TPH-YOLOv5 aims to solve two problems in drone imagery:

  • As drones fly at different altitudes, the scale of objects changes drastically.
  • High-speed and low-altitude flight brings motion blur to densely packed objects.

Major Improvements

TPH-YOLOv5 makes the following improvements on the basis of YOLOv5:

  • A new detection head has been added to detect smaller scale objects.
  • Replace the original prediction heads with transformer prediction heads(TPH).
  • CBAM is integrated into YOLOv5 to help the network find regions of interest in images covered by large areas.
  • A series of other small tricks.

The TPH-YOLOv5 network structure is as follows:

TPH module

The author uses a Transformer Encoder to replace some convolution and CSP structures, and the application of Transformer in vision is also the current mainstream trend. Transformer has a unique attention mechanism, and the effect is better than the original.

CBAM module

I found that the code published by the author is different from the code in the figure, so I reproduced one according to the above figure. Except for the detection head, I completely follow the original text. Here we can refer to the structure of this article to improve our own model. Because these modules already exist in our file, we can directly change the configuration file.

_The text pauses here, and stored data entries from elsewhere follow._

(* Let $a>0$ be a constant and let $x\in\{0,1\}^n$ have exactly $(\frac12+a)n$ bits equal to $1$. Let $x^k$ denote the $k$-th bitstring sampled by the hypermutation operator on input $x$, $k=1,\dots,n$. Then for any $c=\omega(\sqrt{\log n/n})$ with $c\in(0,a)$, with probability $1-e^{-\Omega(nc^2)}$ there exists $k\in\{n\frac{a-c}{2a-c},\dots,n\frac{a}{2a-c}\}$ such that $x^k$ has exactly $n/2$ bits equal to $1$.
   Context: The hypermutation operator on input $x\in\{0,1\}^n$ (disregarding its stopping rule) flips the $n$ bit positions one at a time in a uniformly random order, i.e. according to a uniformly random permutation of $\{1,\dots,n\}$; the $k$-th sampled bitstring $x^k$ is the string obtained from $x$ after the first $k$ of these flips. Asymptotics are as $n\to\infty$. *)

From HB Require Import structures.
From mathcomp Require Import all_boot all_order all_algebra all_fingroup.
From mathcomp Require Import all_classical all_reals all_analysis.
Set Implicit Arguments. Unset Strict Implicit. Unset Printing Implicit Defensive.
Import Order.TTheory GRing.Theory Num.Theory.
Local Open Scope ring_scope.

(* The hypermutation operator flips positions s 0, s 1, ..., s (n-1) in this
   order, for a uniformly random permutation s of 'I_n.  After k flips the set
   of flipped positions is {s j | j < k}. *)
Definition flipped (n : nat) (s : {perm 'I_n}) (k : nat) : {set 'I_n} :=
  [set s j | j : 'I_n & (j < k)%N].

Definition hyp_sample (n : nat) (x : {ffun 'I_n -> bool}) (s : {perm 'I_n})
  (k : nat) : {ffun 'I_n -> bool} :=
  [ffun i => x i (+) (i \in flipped s k)].

Definition ones (n : nat) (y : {ffun 'I_n -> bool}) : nat := #|[set i | y i]|.

Definition prob_perm (R : realType) (n : nat) (E : pred {perm 'I_n}) : R :=
  (#|[set s | E s]|)%:R / (#|[set: {perm 'I_n}]|)%:R.

From HB Require Import structures.
From mathcomp Require Import all_boot all_order all_algebra all_fingroup.
From mathcomp Require Import all_classical all_reals all_analysis.
From mathcomp Require Import zify ring lra.
Import Order.TTheory GRing.Theory Num.Theory.
Local Open Scope ring_scope.
Set Implicit Arguments. Unset Strict Implicit. Unset Printing Implicit Defensive.

(* Let m be the number of ones of x and F_k the number of ones of x among the
   first k flipped positions.  Then x^k has k + m - 2 F_k ones, so this count
   moves by one at each step.  Given the first k flips, the next flipped
   position is a one of x with probability (m - F_k) / (n - k), which decreases
   with F_k; by Chebyshev's sum inequality the hypergeometric F_k therefore has
   exponential moments below the binomial ones, E (1 + z)^F_k <= (1 + z m/n)^k,
   and Markov's inequality gives a Chernoff tail.  Applied to x at the left end
   k1 of the window and to the complement of x at its right end k2, it shows
   that except with probability 2 exp (- n c^2 / 256), x^k1 has more than n/2
   ones and x^k2 at most n/2; a discrete intermediate value argument then finds
   a k in between with exactly n/2 ones. *)

Lemma chebyshev_sum (R : realFieldType) (T : finType) (f g : T -> R) :
  (forall t t', (f t - f t') * (g t - g t') <= 0) ->
  #|T|%:R * \sum_t f t * g t <= (\sum_t f t) * (\sum_t g t).
Proof.
move=> opposite.
have cross : \sum_t \sum_t' f t * g t' = (\sum_t f t) * (\sum_t g t).
  by rewrite mulr_suml; apply: eq_bigr => t _; rewrite mulr_sumr.
have diag : \sum_t \sum_(t' : T) f t * g t = #|T|%:R * \sum_t f t * g t.
  by rewrite mulr_sumr; apply: eq_bigr => t _; rewrite sumr_const mulr_natl.
have : 0 <= \sum_t \sum_t' (f t - f t') * (g t' - g t).
  by do 2![apply: sumr_ge0 => ? _]; rewrite -[g _ - g _]opprB mulrN oppr_ge0.
have -> : \sum_t \sum_t' (f t - f t') * (g t' - g t) =
    \sum_t \sum_t' f t * g t' + \sum_t \sum_t' f t' * g t
    - \sum_t \sum_(t' : T) f t * g t - \sum_(t : T) \sum_t' f t' * g t'.
  rewrite -big_split -!sumrB /=; apply: eq_bigr => t _.
  by rewrite -big_split -!sumrB; apply: eq_bigr => t' _ /=; ring.
rewrite [X in _ + X - _ - _]exchange_big [X in _ - X]exchange_big /=.
rewrite cross diag; lra.
Qed.

Lemma markov_card (R : realFieldType) (T : finType) (P : pred T) (f : T -> R) b :
  (forall t, 0 <= f t) -> (forall t, P t -> b <= f t) ->
  #|[set t | P t]|%:R * b <= \sum_t f t.
Proof.
move=> f_ge0 Pf; rewrite -(sum1dep_card P) natr_sum mulr_suml [X in _ <= X](bigID P) /=.
rewrite -[X in X <= _]addr0 lerD ?sumr_ge0 //.
by apply: ler_sum => t /Pf; rewrite mul1r.
Qed.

# YOLOv5 🚀 by Ultralytics, GPL-3.0 license
# Diffie Hellman https://blog.csdn.net/weixin_43694096?spm=1000.2115.3001.5343

# Parameters
nc: 80  # number of classes
depth_multiple: 0.33  # model depth multiple
width_multiple: 0.50  # layer channel multiple
anchors:
  - [19,27,  44,40,  38,94]  # P3/8
  - [96,68,  86,152,  180,137]  # P4/16
  - [140,301,  303,264,  238,542]  # P5/32
  - [436,615,  739,380,  925,792]  # P6/64

# YOLOv5 backbone
backbone:
  # [from, number, module, args]
  [[-1, 1, Focus, [64, 3]],       # 0-P1/2
   [-1, 1, Conv, [128, 3, 2]],    # 1-P2/4
   [-1, 3, C3, [128]],
   [-1, 1, Conv, [256, 3, 2]],    # 3-P3/8
   [-1, 9, C3, [256]],
   [-1, 1, Conv, [512, 3, 2]],    # 5-P4/16
   [-1, 9, C3, [512]],
   [-1, 1, Conv, [768, 3, 2]],    # 7-P5/32
   [-1, 1, SPP, [1024, [3, 5, 7]]],
   [-1, 3, C3TR, [1024, False]],  # 9
  ]

# YOLOv5 head
head:
  [[-1, 1, Conv, [768, 1, 1]],  # 10
   [-1, 1, nn.Upsample, [None, 2, 'nearest']], #11
   [[-1, 6], 1, Concat, [1]],   # 12 cat backbone P5
   [-1, 3, C3, [768, False]],   # 13
   [-1, 1, CBAM, [768]],        # 14

   [-1, 1, Conv, [512, 1, 1]],  # 15
   [-1, 1, nn.Upsample, [None, 2, 'nearest']], #16
   [[-1, 4], 1, Concat, [1]],   # 17 cat backbone P4
   [-1, 3, C3, [512, False]],   #  18
   [-1, 1, CBAM, [512]],        # 19

   [-1, 1, Conv, [256, 1, 1]],  # 20
   [-1, 1, nn.Upsample, [None, 2, 'nearest']],  #21
   [[-1, 2], 1, Concat, [1]],   # 22 cat backbone P3
   [-1, 3, C3TR, [256, False]], # 23 (P3/8-small)
   [-1, 1, CBAM, [256]],        # 24

   [-1, 1, Conv, [256, 3, 2]],  # 25
   [[-1, 20], 1, Concat, [1]],  # cat head P4 #26
   [-1, 3, C3TR, [512, False]], # 27 (P4/16-medium)
   [-1, 1, CBAM, [512]],        # 28

   [-1, 1, Conv, [512, 3, 2]],  # 29
   [[-1, 15], 1, Concat, [1]],  # 30 cat head P5
   [-1, 3, C3TR, [768, False]], # 31 (P5/32-large)
   [-1, 1, CBAM, [768]],        # 32

   [-1, 1, Conv, [768, 3, 2]],  # 33
   [[-1, 10], 1, Concat, [1]],  # 34  cat head P6
   [-1, 3, C3TR, [1024, False]],# 35 (P6/64-xlarge)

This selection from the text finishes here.